Ey Allahım! Ben kulunum! Erkek ve dişi kullarının oğluyum. Perçemim kudretindedir. Benim hakkımdaki hükmün geçerlidir. Benim hakkımdaki hükmün âdildir.
Zâtına isim olarak seçtiğin veya kitabında inzâl buyurduğun veya kullarından herhangi birisine öğrettiğin veya nezdindeki İlmi gaybda kendi zâtına tahsis ettiğin ismin hürmetine sığınarak, senden Kur`an`ı, kalbimin baharı, göğsümün nuru, üzüntümün cilâsı, hüznümün gidericisi ve kaygımın silicisi kılmanı senden isterim.
Hz. Peygamber (s.a) şöyle buyurmuştur:
Herhangi bir müslümana bir üzüntü isabet eder ve o da bu duayı okursa Allah Teâlâ muhakkak onun üzüntüsünü giderir ve o üzüntünün yerini ferahlık ve sevinçle doldurur.
Bunun üzerine Hz. Peygamber`e sorulur: `Ey Allah`ın Rasûlü! Bu duayı biz de öğrenmeyelim mi?` Resulûllah da şöyle der: `Evet, bu duayı herkes öğrenmelidir`.

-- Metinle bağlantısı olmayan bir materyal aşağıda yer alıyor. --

(* For the invertible $N$-component coupled KdV hierarchy (defined in the context), the vector fields $K_s$ are local for all $s\in\mathbf Z$.
   Context: Let $N\ge1$, $\partial=\partial/\partial x$, $\partial^{-1}$ a formal inverse of $\partial$. Let $u_0,\dots,u_{N-1}$ be smooth functions of $(x,t)$ (the fields, $u=(u_0,\dots,u_{N-1})^T$), set $u_N=-1$, and let $\varepsilon_1,\dots,\varepsilon_{N-1}$ be real constants, $\varepsilon_0=\varepsilon_N=0$. Put $J_i=\frac14\varepsilon_i\partial^3+\frac12(u_i\partial+\partial u_i)$, so $J_0=\frac12(u_0\partial+\partial u_0)$ and $J_N=-\partial$; $J_0=u_0^{1/2}\partial u_0^{1/2}$ and $J_N$ are invertible. Formal adjoint: $\partial^\dagger=-\partial$, multiplication operators self-adjoint, $(AB)^\dagger=B^\dagger A^\dagger$, transpose for matrices. Let $B_0$ be the $N\times N$ matrix with $(B_0)_{ij}=-J_{i+j-1}$ if $i+j-1\le N$ and $0$ otherwise, and $R$ the $N\times N$ matrix with $R_{ij}=\delta_{i,j+1}$ ($1\le j\le N-1$), $R_{iN}=-J_{i-1}J_N^{-1}$; $R$ is invertible, and $B_r:=R^rB_0$ ($r\in\mathbf Z$). One-forms: $\gamma_0=(0,\dots,0,2)^T$, $\gamma_{-1}=(u_0^{-1/2},0,\dots,0)^T$, $\gamma_s=(R^\dagger)^s\gamma_0$ and $\gamma_{-s}=((R^{-1})^\dagger)^{s-1}\gamma_{-1}$ for $s\ge1$. The hierarchy consists of the flows $u_{t_{-s}}=K_{-s}:=B_r\gamma_{-r-s}$ ($s\ge1$, any $r>-s$) and $u_{t_s}=K_s:=B_r\gamma_{-r+s+N}$ ($s\ge0$, any $r\le s+N$), these being independent of $r$; in particular $K_{-s}=B_0\gamma_{-s}$, $K_s=B_N\gamma_s=B_0\gamma_{s+N}$, $K_s=R^sK_0$, $K_{-s}=(R^{-1})^{s-1}K_{-1}$, and explicitly the $i$-th component of $K_0$ is $u_{i-1,x}$ (components $i=1,\dots,N$, $u_{-1}=0$). A vector field (or one-form) is local if each component is a function of the fields and finitely many of their $x$-derivatives (no $\partial^{-1}$ appears). *)

From HB Require Import structures.
From mathcomp Require Import all_boot all_order all_algebra.
From mathcomp Require Import reals.
Set Implicit Arguments. Unset Strict Implicit. Unset Printing Implicit Defensive.
Import Order.TTheory GRing.Theory Num.Theory.
Local Open Scope ring_scope.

Kendinde veya başkasının bedeninde herhangi bir acı olduğu zaman, Hz. Peygamber`in mübârek rukyesiyle rukye et. Çünkü Hz. Peygamber, çıbandan veya yaradan (ağrıdan) şikâyetçi olanın bedenine, önce şehadet parmağını koyar ve sonra şöyle derdi:
Allah`ın ismiyle şifâ isterim. Yeryüzünün toprağı hangimizin nefesiyle veya tükürüğü ile birleşirse rabbimizin izniyle hastamıza şifâ bahşedilir.